The BIOCIRCULARCITIES partners will identify existing best practices for circular use of bioresources across Europe and analyse case studies in which bio-waste is underexploited. Lessons learnt from these practices and insights into circular bioeconomy regulations and policy instruments will enable partners to map barriers and opportunities that will in turn feed guidelines and policy recommendations supporting the implementation of “biocircularcities” in Europe.

“Biowaste, and food waste in particular, is a topic of utmost importance for ACR+. Results from the first cohort of the “More Circularity, Less Carbon” campaign highlight the significant impact of food losses and waste regarding climate change. Within BIOCIRCULARCITIES, ACR+ will help the pilot territories to involve local stakeholders with living labs, so that they can both benefit from the project’s outcomes, but also provide their input on the activities. Besides, ACR+ plans to engage its members through peer-reviews workshops and capacity building sessions to enable them to bring their own perspectives and experiences to the project, and learn from the consortium.”

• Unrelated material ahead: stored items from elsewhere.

(* Let $k\ge1$, $-\frac{\pi}{2}\le\theta_1<\theta_2<\dots<\theta_{k+1}\le\frac{\pi}{2}$ and $\theta_{\min}=\min_{p\ne j}|\theta_p-\theta_j|$. Then $$\min_{\hat\theta_1,\dots,\hat\theta_k\in\mathbb R}\|\eta_{k+1,k}(\theta_1,\dots,\theta_{k+1},\hat\theta_1,\dots,\hat\theta_k)\|_\infty\ge\xi(k)\,\theta_{\min}^k.$$
   Context: For $z_1,\dots,z_p,\hat z_1,\dots,\hat z_q\in\mathbb C$, $\eta_{p,q}(z_1,\dots,z_p,\hat z_1,\dots,\hat z_q)\in\mathbb R^p$ is the vector whose $j$-th entry is $\prod_{l=1}^q|z_j-\hat z_l|$. For an integer $k\ge1$: $\xi(1)=\frac12$; $\xi(k)=\frac{(\frac{k-1}{2})!(\frac{k-3}{2})!}{4}$ if $k\ge3$ is odd; $\xi(k)=\frac{((\frac{k-2}{2})!)^2}{4}$ if $k$ is even. *)

From Stdlib Require Import Reals Lra Lia List Arith.
Import ListNotations.
Open Scope R_scope.

Definition Rprod_list (l : list R) : R := fold_right Rmult 1 l.

(* The sup-norm of eta_{p,q}(z_1..z_p, zh_1..zh_q), for real inputs
   z_j = z (j-1) (j = 1..p) and zh_l = zh (l-1) (l = 1..q):
   max_j prod_l |z_j - zh_l|.  Entries are >= 0 so 0 is a valid seed for max. *)
Definition eta_inf (p q : nat) (z zh : nat -> R) : R :=
  fold_right Rmax 0
    (map (fun j => Rprod_list (map (fun l => Rabs (z j - zh l)) (seq 0 q)))
         (seq 0 p)).

(* theta_min = min_{p <> j} |theta_p - theta_j| over indices 0..n-1.
   Seed |th 0 - th 1| belongs to the list whenever n >= 2. *)
Definition theta_min (n : nat) (th : nat -> R) : R :=
  fold_right Rmin (Rabs (th 0%nat - th 1%nat))
    (flat_map (fun p =>
       map (fun j => Rabs (th p - th j))
           (filter (fun j => negb (Nat.eqb p j)) (seq 0 n)))
     (seq 0 n)).

Definition xi (k : nat) : R :=
  if Nat.eqb k 1 then 1 / 2
  else if Nat.even k then (INR (fact ((k - 2) / 2))) ^ 2 / 4
  else INR (fact ((k - 1) / 2)) * INR (fact ((k - 3) / 2)) / 4.

(* The k-th divided difference of the monic polynomial prod_l (t - ht_l) of
   degree k at the nodes th_0 < ... < th_k equals its leading coefficient 1.
   On the other hand a k-th divided difference over nodes with consecutive
   gaps at least d is at most 2^k max_j |f(th_j)| / (k! d^k), by induction on
   k through its recursive definition.  Hence the sup-norm of eta is at least
   k!/2^k * theta_min^k, and xi(k) <= k!/2^k. *)

From Stdlib Require Import Reals Lra Lia List Arith.
Open Scope R_scope.

Lemma pow4_fact_sqr_le_fact_double (m : nat) :
  (4 ^ m * (fact m * fact m) <= fact (2 * m + 2))%nat.
Proof.
  induction m as [|m IH]; [simpl; lia|].
  replace (2 * S m + 2)%nat with (S (S (2 * m + 2))) by lia.
  cbn [fact]; rewrite Nat.pow_succ_r'.
  assert (4 * (S m * S m) <= S (S (2 * m + 2)) * S (2 * m + 2))%nat by nia.
  nia.
Qed.

Lemma pow4_fact_sqr_le_fact_double_R (m : nat) :
  4 ^ m * (INR (fact m) * INR (fact m)) <= INR (fact (2 * m + 2)).
Proof.
  pose proof (le_INR _ _ (pow4_fact_sqr_le_fact_double m)) as H.
  rewrite !mult_INR, pow_INR in H.
  now replace (INR 4) with 4 in H by (simpl; lra).
Qed.

Lemma xi_even (m : nat) : xi (2 * m + 2) = INR (fact m) ^ 2 / 4.
Proof.
  unfold xi.
  replace (Nat.eqb (2 * m + 2) 1) with false by (symmetry; apply Nat.eqb_neq; lia).
  replace (2 * m + 2)%nat with (2 * S m)%nat by lia.
  rewrite Nat.even_even.
  replace ((2 * S m - 2) / 2)%nat with m; [reflexivity|].
  replace (2 * S m - 2)%nat with (m * 2)%nat by lia.
  now rewrite Nat.div_mul.
Qed.

Lemma xi_odd (m : nat) : xi (2 * m + 3) = INR (fact (S m)) * INR (fact m) / 4.
Proof.
  unfold xi.
  replace (Nat.eqb (2 * m + 3) 1) with false by (symmetry; apply Nat.eqb_neq; lia).
  replace (2 * m + 3)%nat with (2 * S m + 1)%nat by lia.
  rewrite Nat.even_odd.
  replace ((2 * S m + 1 - 1) / 2)%nat with (S m)
    by (replace (2 * S m + 1 - 1)%nat with (S m * 2)%nat by lia; now rewrite Nat.div_mul).
  replace ((2 * S m + 1 - 3) / 2)%nat with m
    by (replace (2 * S m + 1 - 3)%nat with (m * 2)%nat by lia; now rewrite Nat.div_mul).
  reflexivity.
Qed.

Lemma pow2_double (m : nat) : 2 ^ (2 * m) = 4 ^ m.
Proof. rewrite pow_mult; f_equal; ring. Qed.

Lemma xi_mul_pow2_le_fact (k : nat) : (1 <= k)%nat -> xi k * 2 ^ k <= INR (fact k).
Proof.
  intros hk.
  destruct (Nat.Even_or_Odd k) as [[m ->]|[[|m] ->]]; [| unfold xi; simpl; lra |].
  - destruct m as [|m]; [lia|].
    replace (2 * S m)%nat with (2 * m + 2)%nat by lia.
    rewrite (xi_even m), pow_add, pow2_double.
    replace (INR (fact m) ^ 2 / 4 * (4 ^ m * 2 ^ 2))
      with (4 ^ m * (INR (fact m) * INR (fact m))) by field.
    apply pow4_fact_sqr_le_fact_double_R.
  - replace (2 * S m + 1)%nat with (2 * m + 3)%nat by lia.
    rewrite (xi_odd m), pow_add, pow2_double.
    replace (2 * m + 3)%nat with (S (2 * m + 2)) by lia.
    cbn [fact]; rewrite !mult_INR, !S_INR, plus_INR, mult_INR.
    pose proof (pow4_fact_sqr_le_fact_double_R m).
    assert (0 <= INR m) by apply pos_INR.
    assert (0 <= 4 ^ m * (INR (fact m) * INR (fact m)))
      by (apply Rmult_le_pos; [apply pow_le; lra | apply Rmult_le_pos; apply pos_INR]).
    replace ((INR m + 1) * INR (fact m) * INR (fact m) / 4 * (4 ^ m * 2 ^ 3))
      with (2 * (INR m + 1) * (4 ^ m * (INR (fact m) * INR (fact m)))) by field.
    simpl (INR 2); nra.
Qed.

(* [divdiff x f i n] is the divided difference f[x_i, ..., x_(i+n)]. *)
Fixpoint divdiff (x : nat -> R) (f : R -> R) (i n : nat) : R :=
  match n with
  | O => f (x i)
  | S n' => (divdiff x f (S i) n' - divdiff x f i n') / (x (i + S n')%nat - x i)
  end.

Lemma divdiff_S (x : nat -> R) (f : R -> R) (i n : nat) :
  divdiff x f i (S n)
  = (divdiff x f (S i) n - divdiff x f i n) / (x (i + S n)%nat - x i).
Proof. reflexivity. Qed.

Fixpoint root_prod (h : nat -> R) (m : nat) (t : R) : R :=
  match m with
  | O => 1
  | S m' => (t - h m') * root_prod h m' t
  end.

Section DividedDifferences.

Variable x : nat -> R.
Variable K : nat.
Hypothesis x_incr : forall i, (i < K)%nat -> x i < x (S i).

Lemma nodes_lt a b : (a < b)%nat -> (b <= K)%nat -> x a < x b.
Proof.
  intros hab; induction b as [|b IH]; [lia|]; intros hb.
  destruct (Nat.eq_dec a b) as [->|hne]; [now apply x_incr|].
  apply Rlt_trans with (x b); [apply IH|apply x_incr]; lia.
Qed.

Lemma divdiff_const (f : R -> R) (c : R) :
  (forall t, f t = c) -> forall n i, divdiff x f i (S n) = 0.
Proof.
  intros hf; induction n as [|n IH]; intros i; rewrite divdiff_S.
  - cbn [divdiff]; rewrite !hf; unfold Rdiv; ring.
  - rewrite !IH; unfold Rdiv; ring.
Qed.

Lemma divdiff_leibniz_linear (f g : R -> R) (h : R) :
  (forall t, f t = (t - h) * g t) ->
  forall n i, (i + S n <= K)%nat ->
  divdiff x f i (S n) = (x i - h) * divdiff x g i (S n) + divdiff x g (S i) n.
Proof.
  intros hf; induction n as [|n IH]; intros i hi.
  - cbn [divdiff]; rewrite !hf; replace (i + 1)%nat with (S i) by lia.
    assert (x i < x (S i)) by (apply x_incr; lia).
    field; lra.
  - rewrite (divdiff_S x f), (divdiff_S x g i), (IH (S i)), (IH i) by lia.
    assert (hshift : divdiff x g (S i) (S n) * (x (i + S (S n))%nat - x (S i))
                     = divdiff x g (S (S i)) n - divdiff x g (S i) n).
    { rewrite (divdiff_S x g (S i)); replace (S i + S n)%nat with (i + S (S n))%nat by lia.
      assert (x (S i) < x (i + S (S n))%nat) by (apply nodes_lt; lia).
      field; lra. }
    assert (x i < x (i + S (S n))%nat) by (apply nodes_lt; lia).
    apply Rmult_eq_reg_r with (x (i + S (S n))%nat - x i); [|lra].
    replace (divdiff x g (S (S i)) n)
      with (divdiff x g (S i) (S n) * (x (i + S (S n))%nat - x (S i))
            + divdiff x g (S i) n) by lra.
    field; lra.
Qed.

Lemma divdiff_root_prod (h : nat -> R) :
  forall m n i, (i + n <= K)%nat -> (m <= n)%nat ->
  divdiff x (root_prod h m) i n = if Nat.eq_dec m n then 1 else 0.
Proof.
  induction m as [|m IH]; intros n i hi hmn.
  - destruct n as [|n]; [reflexivity|].
    now rewrite (divdiff_const _ 1).
  - destruct n as [|n]; [lia|].
    rewrite (divdiff_leibniz_linear (root_prod h (S m)) (root_prod h m) (h m)) by (reflexivity || lia).
    rewrite (IH (S n) i), (IH n (S i)) by lia.
    destruct (Nat.eq_dec m (S n)); [lia|].
    destruct (Nat.eq_dec m n), (Nat.eq_dec (S m) (S n)); try lia; ring.
Qed.

Variable d : R.
Hypothesis d_ge0 : 0 <= d.
Hypothesis d_le_gap : forall j, (j < K)%nat -> d <= x (S j) - x j.

Lemma nodes_spread n i : (i + n <= K)%nat -> INR n * d <= x (i + n)%nat - x i.
Proof.
  induction n as [|n IH]; intros hi.
  - rewrite Nat.add_0_r; simpl; lra.
  - rewrite S_INR; replace (i + S n)%nat with (S (i + n)) by lia.
    pose proof (IH ltac:(lia)); pose proof (d_le_gap (i + n) ltac:(lia)); lra.
Qed.

Lemma divdiff_abs_bound (f : R -> R) (M : R) :
  forall n i, (i + n <= K)%nat ->
  (forall j, (i <= j <= i + n)%nat -> Rabs (f (x j)) <= M) ->
  Rabs (divdiff x f i n) * INR (fact n) * d ^ n <= M * 2 ^ n.
Proof.
  induction n as [|n IH]; intros i hi hM.
  - simpl; rewrite !Rmult_1_r; apply hM; lia.
  - pose proof (IH (S i) ltac:(lia) ltac:(intros j hj; apply hM; lia)) as hA.
    pose proof (IH i ltac:(lia) ltac:(intros j hj; apply hM; lia)) as hB.
    set (A := divdiff x f (S i) n) in *; set (B := divdiff x f i n) in *.
    set (D := x (i + S n)%nat - x i).
    set (c := INR (fact n) * d ^ n).
    assert (hD : INR (S n) * d <= D) by (apply nodes_spread; lia).
    assert (hDpos : 0 < D) by (assert (x i < x (i + S n)%nat) by (apply nodes_lt; lia); unfold D; lra).
    assert (hquot : Rabs ((A - B) / D) * INR (S n) * d <= Rabs (A - B)).
    { assert (hr : Rabs ((A - B) / D) * D = Rabs (A - B)).
      { unfold Rdiv; rewrite Rabs_mult, Rabs_inv, (Rabs_pos_eq D) by lra; field; lra. }
      pose proof (Rabs_pos ((A - B) / D)); nra. }
    assert (hc : 0 <= c) by (apply Rmult_le_pos; [apply pos_INR|apply pow_le; lra]).
    assert (htri : Rabs (A - B) <= Rabs A + Rabs B)
      by (rewrite <- (Rabs_Ropp B); apply Rabs_triang).
    rewrite divdiff_S; fold A B D.
    change (fact (S n)) with (S n * fact n)%nat.
    rewrite mult_INR, <- tech_pow_Rmult.
    replace (Rabs ((A - B) / D) * (INR (S n) * INR (fact n)) * (d * d ^ n))
      with (Rabs ((A - B) / D) * INR (S n) * d * c) by (unfold c; ring).
    rewrite Rmult_assoc in hA, hB; fold c in hA, hB; simpl (2 ^ S n).
    apply Rle_trans with (Rabs (A - B) * c); [now apply Rmult_le_compat_r|].
    nra.
Qed.

End DividedDifferences.

Lemma fold_right_Rmax_ge (l : list R) (y : R) : In y l -> y <= fold_right Rmax 0 l.
Proof.
  induction l as [|a l IH]; simpl; [tauto|]; intros [<-|hy].
  - apply Rmax_l.
  - apply Rle_trans with (fold_right Rmax 0 l); [now apply IH|apply Rmax_r].
Qed.

Lemma fold_right_Rmin_le (l : list R) (s y : R) : In y l -> fold_right Rmin s l <= y.
Proof.
  induction l as [|a l IH]; simpl; [tauto|]; intros [<-|hy].
  - apply Rmin_l.
  - apply Rle_trans with (fold_right Rmin s l); [apply Rmin_r|now apply IH].
Qed.

Lemma fold_right_Rmin_ge0 (l : list R) (s : R) :
  0 <= s -> (forall y, In y l -> 0 <= y) -> 0 <= fold_right Rmin s l.
Proof.
  induction l as [|a l IH]; simpl; intros hs hl; [exact hs|].
  apply Rmin_glb; [apply hl|apply IH]; auto.
Qed.

Lemma fold_right_Rmult_init (c : R) (l : list R) :
  fold_right Rmult c l = c * fold_right Rmult 1 l.
Proof. induction l as [|a l IH]; simpl; [ring|rewrite IH; ring]. Qed.

Lemma Rprod_list_abs_sub (h : nat -> R) (t : R) m :
  Rprod_list (map (fun l => Rabs (t - h l)) (seq 0 m)) = Rabs (root_prod h m t).
Proof.
  induction m as [|m IH]; [simpl; now rewrite Rabs_R1|].
  rewrite seq_S, map_app; unfold Rprod_list in *; rewrite fold_right_app.
  cbn [map fold_right root_prod]; rewrite fold_right_Rmult_init, IH, Rabs_mult.
  simpl (0 + m)%nat; ring.
Qed.

Lemma eta_inf_ge_root_prod (k : nat) (th ht : nat -> R) (j : nat) : (j <= k)%nat ->
  Rabs (root_prod ht k (th j)) <= eta_inf (S k) k th ht.
Proof.
  intros hj; unfold eta_inf; apply fold_right_Rmax_ge.
  rewrite <- Rprod_list_abs_sub; apply in_map_iff.
  exists j; split; [reflexivity|apply in_seq; lia].
Qed.

Lemma theta_min_ge0 (n : nat) (th : nat -> R) : 0 <= theta_min n th.
Proof.
  apply fold_right_Rmin_ge0; [apply Rabs_pos|]; intros y hy.
  apply in_flat_map in hy as [p [_ hy]]; apply in_map_iff in hy as [j [<- _]].
  apply Rabs_pos.
Qed.

Lemma theta_min_le_gap (k : nat) (th : nat -> R) (j : nat) : (j < k)%nat ->
  theta_min (S k) th <= Rabs (th j - th (S j)).
Proof.
  intros hj; apply fold_right_Rmin_le, in_flat_map.
  exists j; split; [apply in_seq; lia|].
  apply in_map_iff; exists (S j); split; [reflexivity|].
  apply filter_In; split; [apply in_seq; lia|].
  now replace (Nat.eqb j (S j)) with false by (symmetry; apply Nat.eqb_neq; lia).
Qed.

Theorem lemma3p6 (k : nat) (hk : (1 <= k)%nat) (th : nat -> R)
  (hinc : forall i : nat, (i < k)%nat -> th i < th (S i))
  (hlo : - (PI / 2) <= th 0%nat) (hhi : th k <= PI / 2) :
  forall ht : nat -> R,
    xi k * (theta_min (S k) th) ^ k <= eta_inf (S k) k th ht.
Proof.
  intros ht.
  set (d := theta_min (S k) th).
  assert (hd0 : 0 <= d) by apply theta_min_ge0.
  assert (hgap : forall j, (j < k)%nat -> d <= th (S j) - th j).
  { intros j hj; pose proof (theta_min_le_gap k th j hj); pose proof (hinc j hj).
    rewrite Rabs_minus_sym, Rabs_pos_eq in * by lra; assumption. }
  assert (hlead : divdiff th (root_prod ht k) 0 k = 1).
  { rewrite (divdiff_root_prod th k hinc ht k k 0) by lia.
    now destruct (Nat.eq_dec k k). }
  pose proof (divdiff_abs_bound th k hinc d hd0 hgap (root_prod ht k)
                (eta_inf (S k) k th ht) k 0 ltac:(lia)
                ltac:(intros j hj; apply eta_inf_ge_root_prod; lia)) as hbound.
  rewrite hlead, Rabs_R1, Rmult_1_l in hbound.
  pose proof (xi_mul_pow2_le_fact k hk).
  assert (0 < 2 ^ k) by (apply pow_lt; lra).
  assert (0 <= d ^ k) by (apply pow_le; lra).
  apply Rmult_le_reg_r with (2 ^ k); [assumption|].
  apply Rle_trans with (INR (fact k) * d ^ k); [|exact hbound].
  replace (xi k * d ^ k * 2 ^ k) with (xi k * 2 ^ k * d ^ k) by ring.
  now apply Rmult_le_compat_r.
Qed.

Jean-Benoît Bel, programme manager at ACR+

The collaboration of all stakeholders of the biowaste chain is essential to develop innovative and efficient solutions to circular biowaste management. Thus, BIOCIRCULARCITIES will follow a multi-actor participatory approach. It will engage the 4 segments of the “quadruple helix” (industry, science, civil society, and policy) in local living labs to build the collaborative knowledge needed to map the different perspectives about legal and market limits and potentials for developing circular bioeconomy.

Partners met online for the first time on 14-15 October to discuss the project’s first steps. These include establishing a state of the art of biowaste chains in the three pilots and studying the current EU, national and regional legal framework on circular bioeconomy.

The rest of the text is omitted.